Maybe you were not into ATC when the first arrival routings were brought into play, followed by the canned departure routes. These ATC Rules are made for one reason only and that is for the lowest denominator ATC controller. They definitely impede arrivals and departures, creating untold airline delays when some Thunder-Bumps are moving through. Controllers have no real authority to route aircraft off the canned routings and through the great amount of available airspace. (I was flying jets when we went all over the country VFR-OT at ALL altitudes.) So that routing/sector gets shut down and up-line machines hold at the gate. Total waste of time, fuel, and scheduling.




Hossfly,
When weather runs from Austin to Chicago and every transcontinental flight makes the end run over San Antonio, I can't speak to 500 planes at once. About 40 is the limit. That means it will take nearly 4 hours for everyone to pass through. There is barely time to say hello and good bye. No one has time to re-issue routings. So you sit at the gate in Atlanta waiting for your turn to talk to me. Canada won't take you and niether will Monterey .Remember, the system is a manual one. Airspace isn't the issue. The issue is how fast can barney speak. Thats right. The limiting factor in the NAS's capacity is communication.
What is even worse, all of those planes, no matter how screwed up thier schedule, must be in position for the next morning. So I (and all of those flight crews ) get to work late putting them where they belong.
Sids and Stars, although admittidly somewhat rediculous, reduce the airborne conflicts and communications allowing more aircraft to fly at once. They don't cause delays. They actually reduce them.
Airlines are now partners with the FAA command center and vote on weather re-route swaps and delays. Crews often complain that they don't have the fuel to fly the route that their company filed. Oh well, what is your alternate ?
We are working 4 times the planes with 5000 less controllers than in 1981. The end result will be delays. And yet the airlines do not opt for larger transports, but much smaller regional jets which increases conjestion more.
A common sinario. An airport can accept 240 arrivals per hour, but the airline that hubs there has 300 arrivals scheduled at noon. 60 flights will be late. It isn't the FAA's fault. It is the airline's fault. They know the airports capacity, they just ignore it.
The FAA tries to make it work so they use ground delays to stretch the arrivals out. Who looks like the bad guy ? The FAA for delaying a departure? Or the airline that knew all along that the schedule exceeded the airport ?

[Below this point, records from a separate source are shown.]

(* Let $G=\bigsqcup_{i=1}^t K_{n_i}$ be a disjoint union of complete graphs with $t\ge2$ and all $n_i\ge1$. Then $\mathcal{K}^{\mathsf{TJ}}(G)=\{k:k\ge2\}$.
   Context: All graphs are finite, simple, undirected. A $k$-clique of a graph $H$ is a set of $k$ pairwise adjacent vertices. For a graph $H$ and integer $k\ge1$, the Token Jumping graph $\mathsf{TJ}_k(H)$ has as vertices the $k$-cliques of $H$, and two $k$-cliques $A,B$ are adjacent iff $|A\cap B|=k-1$. For a graph $G$, $\mathcal{K}^{\mathsf{TJ}}(G)=\{k\ge1:\ \exists H,\ \mathsf{TJ}_k(H)\cong G\}$. *)

From mathcomp Require Import all_boot.
Set Implicit Arguments. Unset Strict Implicit. Unset Printing Implicit Defensive.

Record sgraph := SGraph {
  svert : finType;
  sadj : rel svert;
  sadj_sym : symmetric sadj;
  sadj_irr : irreflexive sadj }.

Definition is_clique (H : sgraph) (A : {set svert H}) : bool :=
  [forall x in A, forall y in A, (x != y) ==> @sadj H x y].

Definition is_kclique (H : sgraph) (k : nat) (A : {set svert H}) : bool :=
  is_clique A && (#|A| == k).

Definition TJvert (H : sgraph) (k : nat) := {A : {set svert H} | is_kclique k A}.

Definition TJadj (H : sgraph) (k : nat) : rel (TJvert H k) :=
  fun A B => #|val A :&: val B| == k.-1.

Definition graph_iso (T1 T2 : finType) (e1 : rel T1) (e2 : rel T2) : Prop :=
  exists f : T1 -> T2, bijective f /\ forall x y, e1 x y = e2 (f x) (f y).

Definition KTJ (G : sgraph) (k : nat) : Prop :=
  1 <= k /\ exists H : sgraph, graph_iso (@TJadj H k) (@sadj G).

(* Disjoint union of complete graphs K_{n_0}, ..., K_{n_{t-1}}. *)
Definition ucliq_adj (t : nat) (n : 'I_t -> nat) : rel {i : 'I_t & 'I_(n i)} :=
  fun x y => (tag x == tag y) && (x != y).

Lemma ucliq_sym t (n : 'I_t -> nat) : symmetric (@ucliq_adj t n).
Proof. by move=> x y; rewrite /ucliq_adj (eq_sym (tag x)) (eq_sym x). Qed.

Lemma ucliq_irr t (n : 'I_t -> nat) : irreflexive (@ucliq_adj t n).
Proof. by move=> x; rewrite /ucliq_adj /= !eqxx. Qed.

Definition union_complete (t : nat) (n : 'I_t -> nat) : sgraph :=
  SGraph (@ucliq_sym t n) (@ucliq_irr t n).

From mathcomp Require Import all_boot.
Set Implicit Arguments. Unset Strict Implicit.

(* k = 1 is excluded because distinct singletons are always adjacent in
   TJ_1(H), so TJ_1(H) is complete, whereas G has two nonadjacent vertices.
   For k >= 2 take H with a (k-1)-clique C_i for each component i of G and,
   for each vertex x of the i-th component, a new vertex joined to all of
   C_i. Its k-cliques are exactly the sets x + C_i, which meet in k-1
   vertices iff they come from the same component. *)

Lemma TJ1_adj (H : sgraph) (A B : TJvert H 1) : TJadj A B = (A != B).
Proof.
rewrite /TJadj -val_eqE.
case/andP: (valP A) (valP B) => _ /cards1P [a ->] /andP [_ /cards1P [b ->]].
case: (eqVneq a b) => [->|neq_ab]; first by rewrite setIid cards1 eqxx.
rewrite (inj_eq set1_inj) neq_ab.
suff -> : [set a] :&: [set b] = set0 by rewrite cards0.
by apply/setP=> z; rewrite !inE; apply: contra_neqF neq_ab => /andP [/eqP <- /eqP].
Qed.

Lemma KTJ1_complete (G : sgraph) (x y : svert G) :
  KTJ G 1 -> x != y -> sadj x y.
Proof.
move=> [_ [H [f [[g fK gK] f_adj]]]] neq_xy.
by rewrite -(gK x) -(gK y) -f_adj TJ1_adj (can_eq gK).
Qed.

Section ConeConstruction.

Variables (I V : finType) (lab : V -> I) (k : nat).
Hypothesis k_gt1 : 1 < k.

Let pred_k_lt : k.-1 < k.
Proof. by rewrite ltn_predL ltnW. Qed.

Definition cvert := (V + I * 'I_k.-1)%type.

Definition clab (u : cvert) : I := match u with inl x => lab x | inr p => p.1 end.

Definition cadj (u v : cvert) : bool :=
  [&& clab u == clab v, u != v & ~~ (is_inl u && is_inl v)].

Lemma cadj_sym : symmetric cadj.
Proof.
by move=> u v; rewrite /cadj [clab u == _]eq_sym [u == _]eq_sym [is_inl u && _]andbC.
Qed.

Lemma cadj_irr : irreflexive cadj.
Proof. by move=> u; rewrite /cadj !eqxx. Qed.

Definition cone_graph := SGraph cadj_sym cadj_irr.

Definition core (i : I) : {set cvert} := [set inr (i, c) | c : 'I_k.-1].

Definition cone (x : V) : {set cvert} := inl x |: core (lab x).

Lemma mem_core i u : (u \in core i) = ~~ is_inl u && (clab u == i).
Proof.
apply/imsetP/andP => [[c _ ->]|]; first by rewrite eqxx.
case: u => [z|[j c]] /= [// _ /eqP ->]; by exists c.
Qed.

Lemma card_core i : #|core i| = k.-1.
Proof. by rewrite card_imset ?card_ord // => c d []. Qed.

Lemma mem_cone x u :
  (u \in cone x) = (clab u == lab x) && (is_inl u ==> (u == inl x)).
Proof.
rewrite in_setU1 mem_core; case: u => [y|p] /=; last by rewrite andbT.
by rewrite orbF andb_idl // => /eqP [->].
Qed.

Lemma card_cone x : #|cone x| = k.
Proof. by rewrite cardsU1 mem_core card_core add1n prednK // ltnW. Qed.

Lemma cone_kclique x : is_kclique (H := cone_graph) k (cone x).
Proof.
rewrite /is_kclique card_cone eqxx andbT.
apply/forallP=> u; apply/implyP; rewrite mem_cone => /andP [/eqP lab_u inl_u].
apply/forallP=> v; apply/implyP; rewrite mem_cone => /andP [/eqP lab_v inl_v].
apply/implyP=> neq_uv; rewrite /= /cadj lab_u lab_v eqxx neq_uv /=.
apply: contra neq_uv => /andP [/(implyP inl_u) /eqP -> /(implyP inl_v) /eqP ->].
exact: eqxx.
Qed.

Lemma coreI_cone x y : lab x = lab y -> x != y -> cone x :&: cone y = core (lab x).
Proof.
move=> eq_lab neq_xy; apply/setP=> u; rewrite inE !mem_cone mem_core -eq_lab andbACA andbb.
case: u => [z|p] /=; last by rewrite andbT.
by apply: contra_neqF neq_xy => /and3P [_ /eqP [->] /eqP []].
Qed.

Lemma coneI_cone0 x y : lab x != lab y -> cone x :&: cone y = set0.
Proof.
move=> neq_lab; apply/setP=> u; rewrite inE !mem_cone in_set0.
by apply: contra_neqF neq_lab => /andP [/andP [/eqP <- _] /andP [/eqP <- _]].
Qed.

Definition cone_vert (x : V) : TJvert cone_graph k := exist _ (cone x) (cone_kclique x).

Lemma cone_vert_adj x y :
  TJadj (cone_vert x) (cone_vert y) = (lab x == lab y) && (x != y).
Proof.
rewrite /TJadj /=.
case: (eqVneq x y) => [<-|neq_xy]; first by rewrite setIid card_cone andbF gtn_eqF.
case: (eqVneq (lab x) (lab y)) => [eq_lab|neq_lab].
  by rewrite coreI_cone // card_core eqxx.
by rewrite coneI_cone0 // cards0 /= eq_sym eqn0Ngt ltn_predRL k_gt1.
Qed.

Lemma cone_vert_inj : injective cone_vert.
Proof.
move=> x y /(f_equal val) /= eq_cone.
have : inl x \in cone y by rewrite -eq_cone setU11.
by rewrite mem_cone => /andP [_ /eqP []].
Qed.

Section Cliques.

Variable A : {set cvert}.
Hypothesis A_kclique : is_kclique (H := cone_graph) k A.

Lemma kclique_cadj u v : u \in A -> v \in A -> u != v -> cadj u v.
Proof.
case/andP: A_kclique => /forallP /(_ u) /implyP A_cl _ Au Av.
by apply/implyP; move/forallP: (A_cl Au) => /(_ v) /implyP; apply.
Qed.

(* A k-clique cannot lie inside a core, which has only k - 1 vertices. *)
Lemma kclique_has_apex : exists x, inl x \in A.
Proof.
case/andP: A_kclique => _ /eqP card_A.
have [u Au] : exists u, u \in A by apply/card_gt0P; rewrite card_A ltnW.
apply/existsP; apply: contraT => /existsPn no_apex.
suff : A \subset core (clab u).
  by move/subset_leq_card; rewrite card_core card_A leqNgt pred_k_lt.
apply/subsetP=> v Av; rewrite mem_core.
have not_apex w : w \in A -> ~~ is_inl w by case: w => // z; rewrite (negbTE (no_apex z)).
rewrite not_apex //=; case: (eqVneq v u) => [-> //|neq_vu].
by case/and3P: (kclique_cadj Av Au neq_vu).
Qed.

Lemma kclique_cone : exists x, cone_vert x = exist _ A A_kclique.
Proof.
have [x Ax] := kclique_has_apex.
exists x; apply: val_inj => /=; apply/esym/eqP.
rewrite eqEcard card_cone; case/andP: A_kclique => _ /eqP ->; rewrite leqnn andbT.
apply/subsetP=> u Au; rewrite mem_cone.
case: (eqVneq u (inl x)) => [-> /=|neq_ux]; first by rewrite eqxx.
case/and3P: (kclique_cadj Au Ax neq_ux) => /eqP -> _ /=.
by rewrite eqxx andbT => /negbTE ->.
Qed.

End Cliques.

Lemma cone_vert_bij : bijective cone_vert.
Proof.
apply: (inj_card_bij cone_vert_inj).
rewrite -(card_codom cone_vert_inj); apply/subset_leq_card/subsetP => [[A hA] _].
by have [x <-] := kclique_cone hA; exact: codom_f.
Qed.

Lemma cone_graph_TJ :
  graph_iso (@TJadj cone_graph k) (fun x y : V => (lab x == lab y) && (x != y)).
Proof.
have [g fK gK] := cone_vert_bij.
exists g; split; first exact: (Bijective gK fK).
by move=> A B; rewrite -{1}(gK A) -{1}(gK B) cone_vert_adj.
Qed.

End ConeConstruction.

Theorem proposition4p9 (t : nat) (n : 'I_t -> nat) :
  2 <= t -> (forall i, 1 <= n i) ->
  forall k : nat, KTJ (union_complete n) k <-> 2 <= k.
Proof.
move=> t_gt1 n_gt0 k; split; last first.
  move=> k_gt1; split; first exact: ltnW.
  by exists (cone_graph (@tag _ (fun i => 'I_(n i))) k); exact: cone_graph_TJ.
case=> k_gt0 KTJ_k; case: k k_gt0 KTJ_k => [//|[|//]] _ KTJ_1.
pose i0 : 'I_t := Ordinal (ltnW t_gt1).
pose i1 : 'I_t := Ordinal t_gt1.
pose x : svert (union_complete n) := Tagged (fun i => 'I_(n i)) (Ordinal (n_gt0 i0)).
pose y : svert (union_complete n) := Tagged (fun i => 'I_(n i)) (Ordinal (n_gt0 i1)).
have neq_xy : x != y by apply: contraTneq isT => /(f_equal (@tag _ _)).
by have := KTJ1_complete (conj isT KTJ_1) neq_xy; rewrite /= /ucliq_adj.
Qed.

So things aren't always as they seem or as they are first presented to the public. One captain told me that maitainence could pull both wings off the plane. He could be sitting in a tube at the gate and would still tell the passengers that the delay was ATC and not the airline.

I don't know who sold the club on the idea that a low pass was dangerous either. But I can see how your analogy is relevant.